I need some scores created from my midi files.

I have 3 one minute cues (with lots of stuff in them).

There is an orchestrator working on them but they have put in 10 hours on the first one.!!!

I thought it would be like 6 hours and it would be out the other side.

any gurus out there that can take a look.

Maybe all I need is to get my Logic scores in the right shape.

Help.


----------



## Daryl (Jun 20, 2007)

rJames @ Wed Jun 20 said:


> I am in a fix.
> 
> I need some scores created from my midi files.
> 
> ...


Hint; make the MIDI as quantised and correct regarding note lengths in Logic before you export a MIDI file. Also try to combine as many duplicate MIDI tracks as possible, so that you get as few tracks per instrument as you can. The more work that is done in Logic, the quicker it is to transcribe in Sibelius (and, I assume Finale).

D


----------



## careyford (Jun 20, 2007)

Hey Ron,

Daryl's advice is good. The more you do before exporting the better. It will save time in Finale but add time in Logic. Be sure you do a Save As first so you don't mess with your original sequence.
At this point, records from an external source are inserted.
(* If $|V|=6$, the complete graph $K_6$ on $V$ is B-factorizable. Equivalently, for every HAP table for $K_6$ (on 5 days), if $P(K_6,HA)$ is non-empty then it contains an integral point.
   Context: Let $V$ be a finite set with $|V|$ even. $K=\binom{V}{2}$ is the set of 2-element subsets of $V$. An equal partition of $V$ is an unordered pair $\{H,A\}$ of disjoint subsets with $H\cup A=V$ and $|H|=|A|=|V|/2$; $C=C(V)$ is the set of equal partitions. For $c=\{H,A\}\in C$, $B_c$ is the complete bipartite graph with parts $H$ and $A$. Vectors live in $\mathbb N^{K\cup C}$ with $\mathbb N=\{0,1,2,\dots\}$; $v|_K$ denotes the restriction to coordinates in $K$. For $E\subseteq K$, $\chi_E\in\{0,1\}^K$ is its indicator vector. For $E\subseteq K$ and $c\in C$, $\chi_{E,c}\in\mathbb N^{K\cup C}$ has $K$-components $\chi_E$ and $C$-components equal to the indicator of $c$. $PM(V)=\{\chi_{q,c}: c\in C,\ q\text{ a perfect matching of }B_c\}$. For $\mathcal M\subseteq\mathbb N^{K\cup C}$, $\mathbf N(\mathcal M)$ is the set of finite nonnegative integer combinations of elements of $\mathcal M$, and $\overline{\mathbf N}(\mathcal M)=\{v\in\mathbb N^{K\cup C}: kv\in\mathbf N(\mathcal M)\text{ for some integer }k\ge1\}$. A regular graph $G=(V,E)$ is B-factorizable if every $v\in\overline{\mathbf N}(PM(V))$ with $v|_K=\chi_E$ belongs to $\mathbf N(PM(V))$. For an $r$-regular graph $G=(V,E)$, a HAP table is a map assigning to each $d\in\{1,\dots,r\}$ an equal partition $\{H(d),A(d)\}\in C$. $P(G,HA)$ is the set of real vectors $(x_{e,d})_{e\in K,\,d\in\{1,\dots,r\}}$ satisfying: (1) $\sum_{d=1}^r x_{e,d}=1$ for every $e\in E$, and $x_{e,d}=0$ for every $e\in K\setminus E$ and every $d$; (2) for every $d$ and every $a\in V$, $\sum_{b\in V\setminus\{a\}}x_{\{a,b\},d}=1$; (3) $0\le x_{e,d}\le1$ for all $e\in E$ and all $d$; (4) $x_{\{a,b\},d}=0$ whenever $\{a,b\}\in E$ and $a,b$ are both in $H(d)$ or both in $A(d)$. *)

From HB Require Import structures.
From mathcomp Require Import all_boot.
Set Implicit Arguments. Unset Strict Implicit. Unset Printing Implicit Defensive.

Section Defs.
Variable V : finType.

Definition edge := {e : {set V} | #|e| == 2}.

(* C = equal partitions {H, A}: an unordered pair {H, V\H} with |H| = |V|/2 *)
Definition is_eqpart (c : {set {set V}}) : bool :=
  [exists H : {set V}, (c == [set H; ~: H]) && (#|H|.*2 == #|V|)].
Definition eqpart := {c : {set {set V}} | is_eqpart c}.

(* vectors in N^(K ∪ C) (disjoint union of coordinate sets) *)
Definition vec := edge + eqpart -> nat.

Definition bip_edge (c : eqpart) (e : edge) : bool :=
  [exists H in val c, exists A in val c,
     (H != A) && [exists a in H, exists b in A, val e == [set a; b]]].

Definition is_pm (c : eqpart) (q : {set edge}) : bool :=
  [forall e in q, bip_edge c e] &&
  [forall x : V, #|[set e in q | x \in val e]| == 1].

Definition chi_qc (c : eqpart) (q : {set edge}) : vec :=
  fun i => match i with
           | inl e => nat_of_bool (e \in q)
           | inr c' => nat_of_bool (c' == c)
           end.

Definition in_N_PM (v : vec) : Prop :=
  exists lam : eqpart * {set edge} -> nat,
    (forall p, ~~ is_pm p.1 p.2 -> lam p = 0) /\
    forall i, v i = \sum_(p : eqpart * {set edge}) lam p * chi_qc p.1 p.2 i.

Definition in_Nbar_PM (v : vec) : Prop :=
  exists k : nat, 1 <= k /\ in_N_PM (fun i => k * v i).

Definition B_factorizable (E : {set edge}) : Prop :=
  forall v : vec, (forall e : edge, v (inl e) = nat_of_bool (e \in E)) ->
    in_Nbar_PM v -> in_N_PM v.

End Defs.

From HB Require Import structures.
From mathcomp Require Import all_boot zify.
Set Implicit Arguments. Unset Strict Implicit. Unset Printing Implicit Defensive.
Lemma tprod_rev n l : tprod n (rev l) = (tprod n l)^-1.
Proof.
elim: l => [|k l IH] /=; first by rewrite invg1.
by rewrite rev_cons -cats1 tprod_cat IH /= mulg1 invMg tauV.
Qed.

Add Parametric Relation n : word (wequiv n)
  reflexivity proved by (@we_refl n) symmetry proved by (@we_sym n)
  transitivity proved by (@we_trans n) as wequiv_rel.

Add Parametric Morphism n : (@cat letter) with signature
  wequiv n ==> wequiv n ==> wequiv n as cat_wequiv.
Proof. by move=> *; apply: we_cat. Qed.

Add Parametric Morphism n x : (cons x) with signature
  wequiv n ==> wequiv n as cons_wequiv.
Proof. by move=> u v; apply: (we_cat (we_refl n [:: x])). Qed.

Lemma winvK : involutive winv.
Proof.
move=> w; rewrite /winv map_rev revK -map_comp.
by elim: w => //= -[g b] w ->; rewrite /linv negbK.
Qed.

Lemma winv_cat u v : winv (u ++ v) = winv v ++ winv u.
Proof. by rewrite /winv map_cat rev_cat. Qed.

Lemma wequiv_catV n w : wequiv n (w ++ winv w) [::].
Proof.
elim: w => [|x w IH]; first by reflexivity.
rewrite -cat1s winv_cat -catA (catA w) IH; exact: we_free.
Qed.

Lemma wequiv_Vcat n w : wequiv n (winv w ++ w) [::].
Proof. by rewrite -{2}(winvK w); apply: wequiv_catV. Qed.

Definition word_conjugates n (S : word -> Prop) : word -> Prop :=
  fun w => exists c t, valid n c /\ S t /\ w = c ++ t ++ winv c.

Definition spanned n (S : word -> Prop) (w : word) : Prop :=
  exists w', prods S w' /\ wequiv n w w'.

Add Parametric Morphism n S : (spanned n S) with signature
  wequiv n ==> iff as spanned_wequiv.
Proof.
by move=> u v e; split=> -[w [pw ew]]; exists w; split; rewrite // -ew ?e //; reflexivity.
Qed.

Section Spanned.
Variables (n : nat) (S : word -> Prop).

Lemma spanned_nil : spanned n S [::].
Proof. by exists [::]; split; [constructor | reflexivity]. Qed.

Lemma spanned_gen w : S w -> spanned n S w.
Proof. by exists w; split; [constructor | reflexivity]. Qed.
(* For integers $N\ge 1$ and $n\ge 1$, $$B_{N,n}=(-1)^n\,n!\,\det\big(c_{ij}\big)_{1\le i,j\le n},$$ where $c_{ij}=\dfrac{N!}{(N+i-j+1)!}$ if $j\le i$, $c_{ij}=1$ if $j=i+1$, and $c_{ij}=0$ if $j>i+1$. That is, the matrix has $\frac{N!}{(N+1)!}$ on the diagonal, $1$ on the superdiagonal, zeros above the superdiagonal, and $\frac{N!}{(N+k+1)!}$ on the $k$-th subdiagonal.
   Context: For a positive integer $N$, the hypergeometric Bernoulli numbers $B_{N,n}$ ($n\ge 0$) are defined by $$\frac{x^N/N!}{e^x-\sum_{n=0}^{N-1}x^n/n!}=\sum_{n=0}^\infty B_{N,n}\frac{x^n}{n!}.$$ *)

(* Formal power series over a field of characteristic 0
   (here: any numFieldType R) are represented by their coefficient sequences
   nat -> R, multiplied by the Cauchy product. *)
From HB Require Import structures.
From mathcomp Require Import all_boot all_order all_algebra.
Set Implicit Arguments. Unset Strict Implicit. Unset Printing Implicit Defensive.
Import Order.TTheory GRing.Theory Num.Theory.
Local Open Scope ring_scope.

Definition fps_mul {R : numFieldType} (a b : nat -> R) (m : nat) : R :=
  \sum_(i < m.+1) a i * b (m - i)%N.

Definition hb_num {R : numFieldType} (N : nat) (k : nat) : R :=
  if k == N then (N`!%:R)^-1 else 0.

(* Coefficients of e^x - sum_{n=0}^{N-1} x^n/n! *)
Definition hb_den {R : numFieldType} (N : nat) (k : nat) : R :=
  (k`!%:R)^-1 - (if (k < N)%N then (k`!%:R)^-1 else 0).

(* B is the sequence of hypergeometric Bernoulli numbers B_{N,n}:
   the identity of formal power series
     (x^N/N!) / (e^x - sum_{n<N} x^n/n!) = sum_n B n x^n/n!,
   i.e. (since the denominator divides the numerator in the ring of formal
   power series, and the quotient is unique)
     x^N/N! = (e^x - sum_{n<N} x^n/n!) * sum_n B n x^n/n!. *)
Definition is_hyperBernoulli {R : numFieldType} (N : nat) (B : nat -> R) : Prop :=
  forall m : nat, hb_num N m = fps_mul (hb_den N) (fun n => B n / (n`!%:R)) m.

(* The n x n matrix (c_ij), with 0-based indices i j : 'I_n
   (the entries only depend on i - j, so the shift is harmless). *)
Definition hb_matrix {R : numFieldType} (N n : nat) : 'M[R]_n :=
  \matrix_(i < n, j < n)
    if (j <= i)%N then N`!%:R / (N + i - j + 1)`!%:R
    else if j == i.+1 :> nat then 1 else 0.

(* Since e^x - sum_{n<N} x^n/n! = x^N sum_k x^k/(N+k)!, the defining identity
   says that b_k = B_{N,k}/k! is the power series inverse of a_k = N!/(N+k)!.
   Hence the lower triangular Toeplitz matrices of a and b are mutually
   inverse; as a_0 = 1 the first has determinant 1, so its inverse is its
   adjugate, and the corner entry b_n is the cofactor (-1)^n times the minor
   without the first row and last column, which is the Hessenberg matrix
   of the statement. *)
From HB Require Import structures.
From mathcomp Require Import all_boot all_order all_algebra.
From mathcomp Require Import zify.
Import Order.TTheory GRing.Theory Num.Theory.
Local Open Scope ring_scope.

Section LowerToeplitz.
Context {R : comPzRingType}.

Definition lower_toeplitz n (c : nat -> R) : 'M[R]_n :=
  \matrix_(i, j) if (j <= i)%N then c (i - j)%N else 0.

Lemma lower_toeplitz_mul n (a b : nat -> R) :
  lower_toeplitz n a *m lower_toeplitz n b =
  lower_toeplitz n (fun k => \sum_(t < k.+1) a t * b (k - t)%N).
Proof.
apply/matrixP => i j; rewrite !mxE.
pose G l := a (i - l)%N * b (l - j)%N.
have -> : \sum_(l < n) lower_toeplitz n a i l * lower_toeplitz n b l j =
          \sum_(j <= l < i.+1) G l.
  rewrite (big_nat_widen _ _ n) ?ltn_ord // big_geq_mkord [RHS]big_mkcond /=.
  apply: eq_bigr => l _; rewrite !mxE ltnS.
  by case: (l <= i)%N; case: (j <= l)%N; rewrite ?mulr0 ?mul0r.
case: leqP => [le_ji | lt_ij]; last by rewrite big_geq //; lia.
rewrite big_rev_mkord subSn //; apply: eq_bigr => t _.
by rewrite /G; congr (a _ * b _); have := ltn_ord t; lia.
Qed.

Lemma lower_toeplitz_delta n :
  lower_toeplitz n (fun k => (k == 0%N)%:R) = 1%:M.
Proof.
apply/matrixP => i j; rewrite !mxE subn_eq0 -val_eqE eqn_leq andbC.
by case: leqP.
Qed.

Lemma det_lower_toeplitz n (c : nat -> R) :
  \det (lower_toeplitz n c) = c 0%N ^+ n.
Proof.
rewrite det_trig; last by apply/is_trig_mxP => i j lt_ij; rewrite mxE leqNgt lt_ij.
by rewrite (eq_bigr (fun=> c 0%N)) ?prodr_const ?card_ord // => i _; rewrite mxE leqnn subnn.
Qed.

Lemma series_inverse_coef_det (a b : nat -> R) n :
  a 0%N = 1 ->
  (forall k, \sum_(t < k.+1) a t * b (k - t)%N = (k == 0%N)%:R) ->
  b n = (-1) ^+ n * \det (row' ord0 (col' ord_max (lower_toeplitz n.+1 a))).
Proof.
move=> a0 ab_delta; set A := lower_toeplitz n.+1 a.
have A_inv : A *m lower_toeplitz n.+1 b = 1%:M.
  apply/matrixP => i j.
  by rewrite lower_toeplitz_mul -lower_toeplitz_delta !mxE ab_delta.
have adjA : \adj A = lower_toeplitz n.+1 b.
  rewrite -[\adj A]mulmx1 -A_inv mulmxA mul_adj_mx.
  by rewrite det_lower_toeplitz a0 expr1n mul1mx.
have := congr1 (fun M : 'M[R]_n.+1 => M ord_max ord0) adjA.
by rewrite /= !mxE subn0 /cofactor add0n.
Qed.

End LowerToeplitz.

Lemma natr_fact_neq0 (R : numFieldType) k : (k`!%:R : R) != 0.
Proof. by rewrite pnatr_eq0 -lt0n fact_gt0. Qed.

Lemma hyperBernoulli_series_inverse {R : numFieldType} {N} {B : nat -> R} :
  is_hyperBernoulli N B -> forall k,
  \sum_(t < k.+1) N`!%:R / (N + t)`!%:R * (B (k - t)%N / (k - t)`!%:R) =
  (k == 0%N)%:R.
Proof.
move=> hbB k; move: (hbB (N + k)%N); rewrite /hb_num /fps_mul -addnS big_split_ord /=.
rewrite big1 ?add0r => [|i _]; last first.
  by rewrite /hb_den ltn_ord subrr mul0r.
rewrite -[X in _ == X]addn0 eqn_add2l => hb_coef.
rewrite (eq_bigr (fun t : 'I_k.+1 => N`!%:R *
  (hb_den N (N + t) * (B (N + k - (N + t))%N / (N + k - (N + t))`!%:R)))).
  rewrite -mulr_sumr -hb_coef; case: eqP => _; last exact: mulr0.
  exact: divff (natr_fact_neq0 _ _).
by move=> t _; rewrite subnDl /hb_den ltnNge leq_addr subr0 mulrA.
Qed.

Lemma hb_matrix_minor (R : numFieldType) N n :
  row' ord0 (col' ord_max (lower_toeplitz n.+1 (fun k => N`!%:R / (N + k)`!%:R))) =
  hb_matrix N n :> 'M[R]_n.
Proof.
apply/matrixP => i j; rewrite !mxE lift0 lift_max /=.
case: (ltngtP j i.+1) => [lt_ji | gt_ji | ->].
- have le_ji : (j <= i)%N by rewrite -ltnS.
  by rewrite le_ji; congr (_ / _%:R); congr _`!; lia.
- by rewrite ifN //; lia.
- by rewrite ltnn subnn addn0 divff ?natr_fact_neq0.
Qed.

Theorem theorem1 (R : numFieldType) (N n : nat) (B : nat -> R) :
  (1 <= N)%N -> (1 <= n)%N -> is_hyperBernoulli N B ->
  B n = (-1) ^+ n * n`!%:R * \det (@hb_matrix R N n).
Proof.
move=> _ _ hbB.
have a0 : N`!%:R / (N + 0)`!%:R = 1 :> R by rewrite addn0 divff ?natr_fact_neq0.
have := series_inverse_coef_det (fun k => N`!%:R / (N + k)`!%:R)
  (fun k => B k / k`!%:R) n a0
  (hyperBernoulli_series_inverse hbB).
rewrite hb_matrix_minor => coef_n.
by rewrite -[B n](divfK (natr_fact_neq0 R n)) coef_n mulrAC.
Qed.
VI Magazine did a good article on it:

http://virtualinstrumentsmag.com/member ... _Nov06.pdf 

Of course, there's no way to have articulations, bowings, etc. translate automatically so if you're doing a piece that requires a lot of markings, an orchestrator is going to still be needed. 

RF


----------



## Ashermusic (Jun 20, 2007)

You can email me your phone number if you like and I will help you if possible.


----------